Муштаков положил руку мне на плечо и сказал, что главное в нашей работе – это вера в себя, и что с ней сам черт не страшен, где бы я ни жил. И как-то плавно разговор наш стал откровенным. Я рассказал мастеру ту же историю про отца, что и всем остальным. Мучила ли меня совесть, когда я обманывал Муштакова? Нет. Потому что так было нужно для блага, для справедливости.
И по поводу отца моя совесть молчала подавно: судья ведь не мучается душевными муками после вынесения приговора убийце. Может, в душе он и не ликует, но знает, что поступает верно. Папаша заслужил высшую меру уже только за одну маму, не считая всего остального. Иногда добрая цель требует плохих и жестоких, с точки зрения обывательской морали, поступков. Это что касается моего папаши. А ложь Муштакову была необходимым кусочком моего алиби.
Учитель согласился, что отца нужно лечить.
Он сказал: «Ты теперь для Кати – как отец. А семья, род, память предков – это то, ради чего стоит жить. Весь этот наш художественный промысел гроша ломаного не стоит, если ты одинок и потерян. Не повторяй моих ошибок».
Мы выпили еще, и он рассказал историю. Очень странную и страшную. Она потрясла меня. Я помню все почти дословно и перескажу от лица учителя.
Рассказ Муштакова
«Я ведь не всегда жил здесь как отшельник. Родился и рос я в Москве. Так что мы с тобой теперь вроде как земляки будем. Но речь не об этом. Была у меня девушка, Варенька. Нам тогда почти по восемнадцать исполнилось. Мы встречались уже год, а мне вот-вот повестка из военкомата должна была прийти. Варенька обещала ждать, я предчувствовал долгую разлуку, и мы проводили вместе все дни. Теперь такие отношения кажутся молодежи наивными, но у нас все было серьезно.
Однажды мы поехали за город. Хотели устроить небольшой пикник. Варенька взяла корзинку продуктов, я тоже кое-что в сумку собрал, еще бутылку вермута прихватил. Мы нашли в лесу маленькую полянку, с березой и кленом. Варенька сказала, что мы – как эти два дерева: всегда будем вместе.

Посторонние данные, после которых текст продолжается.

Lemma frieze_mx_not_invertible : (2%:R : R) = 0 -> ~ mx_invertible M.
Proof.
move=> two0 [N [MN _]].
have: (M0 *m N) ord0 ord0 = 0.
  rewrite mxE big1 // => l _.
  by rewrite frieze_mx_reduced_row0 -mulr_natr two0 mulr0 oppr0 if_same mul0r.
rewrite -!transvection_mulmx -!mulmxA MN mulmx1 transvection_mulmx !mxE.
have vL0 : (ord0 == vL) = false by [].
by rewrite eqxx lift_eqF vL0 /= !(mulr0, addr0) => /eqP; rewrite oner_eq0.
Qed.

End FriezeFirstRow.

Lemma prod_ordS_lift0 (R : unitRingType) n (F : 'I_n.+3 -> 'I_n.+3 -> R) :
    F ord_max (lift ord0 ord0) \is a GRing.unit ->
  \prod_(i < n.+3) F i (ordS i) =
  F ord0 (lift ord0 ord0) * (\prod_(i < n.+2) F (lift ord0 i) (lift ord0 (ordS i))
                             * ((F ord_max (lift ord0 ord0))^-1 * F ord_max ord0)).
Proof.
move=> uF; rewrite big_ord_recl big_ord_recr [in RHS]big_ord_recr /=.
have ->: ordS (ord0 : 'I_n.+3) = lift ord0 ord0 by apply: val_inj; rewrite /= modn_small.
have ->: lift ord0 (ord_max : 'I_n.+2) = ord_max by apply: val_inj.
have ->: ordS (ord_max : 'I_n.+3) = ord0 by apply: val_inj; rewrite /= modnn.
have ->: lift ord0 (ordS (ord_max : 'I_n.+2)) = lift ord0 ord0 by apply: val_inj; rewrite /= modnn.
rewrite [_ * (_^-1 * _)]mulrA mulrK //.
congr (_ * (_ * _)); apply: eq_bigr => i _; congr (F _ _); apply: val_inj.
have := ltn_ord i; rewrite /= /bump /=.
by move=> lt_i; rewrite !modn_small //; lia.
Qed.

Lemma frieze_mx2_reduction (R : unitRingType) (c : 'I_2 -> 'I_2 -> R) :
  is_frieze c -> exists2 d, elem_equiv (frieze_mx c) (diag_last 2 d)
                          & ab_equiv d (- (- 2%:R) ^+ 0 * \prod_(i < 2) c i (ordS i)).
Proof.
case=> cU _ _.
have u01 : c ord0 ord_max \is a GRing.unit by apply: cU.
have u10 : c ord_max ord0 \is a GRing.unit by apply: cU.
exists (c ord_max ord0 * - c ord0 ord_max).
  apply: (elem_equiv_trans (elem_equiv_add_row _ 1 (_ : ord0 != ord_max))) => //.
  apply: (elem_equiv_trans (elem_equiv_add_row _ (-1) (_ : ord_max != ord0))) => //.
  apply: (elem_equiv_trans (elem_equiv_add_row _ 1 (_ : ord0 != ord_max))) => //.
  apply: (elem_equiv_trans _ (elem_equiv_diag_ends 0 _ u10)).
  set X := add_row _ _ _ _.
  suff ->: X = diag_ends 0 (c ord_max ord0) (- c ord0 ord_max) by apply: elem_equiv_refl.
  have ord2P (k : 'I_2) : (k = ord0) + (k = ord_max).
    by case: k => [[|[|k]] hk] //; [left | right]; apply: val_inj.
  apply/matrixP => k l; rewrite /X.
  by case: (ord2P k) => ->; case: (ord2P l) => ->;
    rewrite !mxE /= ?(mul1r, mulN1r, mulr0, add0r, addr0, subrr, addrN).
rewrite big_ord_recr big_ord_recl big_ord0 /= mulr1 expr0 mulN1r mulrN.
have ->: widen_ord (leqnSn 1) ord0 = ord0 :> 'I_2 by apply: val_inj.
have ->: ordS ord0 = ord_max :> 'I_2 by apply: val_inj.
have ->: ordS ord_max = ord0 :> 'I_2 by apply: val_inj.
exact/ab_equivN/ab_equivC.
Qed.

Lemma frieze_mx_reduction (R : unitRingType) n (c : 'I_n.+2 -> 'I_n.+2 -> R) :
    (2%:R : R) \is a GRing.unit -> is_frieze c ->
  exists2 d, elem_equiv (frieze_mx c) (diag_last n.+2 d)
           & ab_equiv d (- (- 2%:R) ^+ n * \prod_(i < n.+2) c i (ordS i)).
Proof.
move=> u2; elim: n c => [|n IH] c cF; first exact: frieze_mx2_reduction.
have [d' Md' d'P] := IH _ (frieze_lift0 cF).
have uw := frieze_w_unit cF.
set w := _ * _ * _ in uw.
have u2w : - (w *+ 2) \is a GRing.unit by rewrite unitrN -mulr_natr unitrMl.
exists (- (w *+ 2) * d').
  apply: (elem_equiv_trans (elem_equiv_frieze_mx_block0 cF u2)).
  apply: (elem_equiv_trans (elem_equiv_block0_mx _ Md')).
  by rewrite block0_mx_diag_last; apply: elem_equiv_diag_ends.
case: cF => cU _ _.
rewrite (@prod_ordS_lift0 _ _ c) ?cU //.
set P' := \prod_(i < n.+2) _ in d'P *.
set s := (- (2%:R : R)) ^+ n in d'P *.
have us : s \is a GRing.unit by rewrite unitrX ?unitrN.
have uP' : P' \is a GRing.unit by case: d'P => _; rewrite mulNr unitrN unitrMr.
apply: (ab_equiv_trans (ab_equivM (ab_equiv_refl u2w) d'P)).
have scale2E (x y : R) : - (x *+ 2) * (- s * y) = - (- 2%:R) ^+ n.+1 * (x * y).
  rewrite exprSr -/s mulrN opprK mulNr mulrNN -(mulr_natr x 2) !mulrA; congr (_ * y).
  have c2 : GRing.comm x (2%:R * s) by apply/commrM/commrX/commrN/commr_nat/commr_nat.
  by rewrite -mulrA c2 (commr_nat s 2).
rewrite scale2E; apply: ab_equivM; first by apply/ab_equiv_refl; rewrite unitrN unitrX ?unitrN.
set t := _^-1 * _.
have ->: w * P' = c ord0 (lift ord0 ord0) * (t * P') by rewrite /w /t !mulrA.
apply: ab_equivM; first exact/ab_equiv_refl/cU.
by apply: ab_equivC; rewrite // unitrMr ?unitrV ?cU.
Qed.

Theorem theoremA (R : unitRingType) (n : nat) (c : 'I_n -> 'I_n -> R) :
  skew_field R -> (3 <= n)%N -> is_frieze c ->
  dieudonne_det_is (frieze_mx c)
    (- ((- 2%:R) ^+ (n - 2)) * \prod_(i < n) c i (ordS i)).
Proof.
move=> skewR; case: n c => [|[|[|n]]] c // _ cF.
rewrite (_ : (n.+3 - 2 = n.+1)%N) //.
have [two0|two_nz] := eqVneq (2%:R : R) 0.
  left; split; first exact: frieze_mx_not_invertible cF two0.
  by rewrite two0 oppr0 expr0n /= oppr0 mul0r.
have [d [E eE ->] dP] := frieze_mx_reduction (skewR _ two_nz) cF.
by right; exists E, d; split=> //; right.
Qed.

Как говорится, счастливые часов не наблюдают. Вот и мы припозднились. До станции из лесу быстрым шагом – минут двадцать, а электричка была последней. Стало холодать. Мы заторопились. Варенька спешно собирала плед и остатки еды, а я взял бутылку. На дне оставалось немного, хотел допить.
Вот тут они и появились.
Может, давно украдкой следили за нами, а может, только подъехали. Но в любом случае возникли эти двое как из-под земли. Луна светила ярко, и лица сержантов я разглядел очень хорошо. Они были в форме, но без фуражек. Один, скуластый и помоложе, все время нервно глядел по сторонам, на физиономии второго – похабная улыбочка. Я почувствовал недоброе.
– Так, так, распитие спиртных напитков в общественном месте! – сказал этот похабный и подошел ближе. Скуластый маячил за его спиной.
Я попытался объяснить.
– Никак нет, товарищ сержант. Место это не общественное. Мы здесь вроде как на прощальном ужине по случаю моего предстоящего призыва в ряды вооруженных сил.
Я хотел свести все к шутке. Но сержанта мой ответ не впечатлил. Он разглядывал Вареньку. И этот взгляд мне очень не понравился.
Потом он обернулся к напарнику и сказал:
– Видишь, коллега, какая нынче молодежь пошла. Хамят правоохранительным органам.
Скуластый все дергался по сторонам и поспешно кивал. Хоть звания были у обоих и равные, но чувствовалось, что он подчиняется своему дружку. Похабный попытался взять Вареньку за руку, я шагнул и закрыл ее собой. Скуластый пошел по кругу и оказался позади нас.
Я был наивен тогда. Мне в тот момент стало ясным как дважды два, что нам встретились переодетые в милицейскую форму бандиты. Ведь настоящие служители порядка – они такие, как в фильмах про нашу добрую и честную милицию: жизнь отдадут ради долга. Только после развала Союза выявилось, какие страшные преступления творили они в советское время – безнаказанно, прикрываясь своими корочками и званиями! Мне эта жуткая истина открылась гораздо раньше, на собственном опыте.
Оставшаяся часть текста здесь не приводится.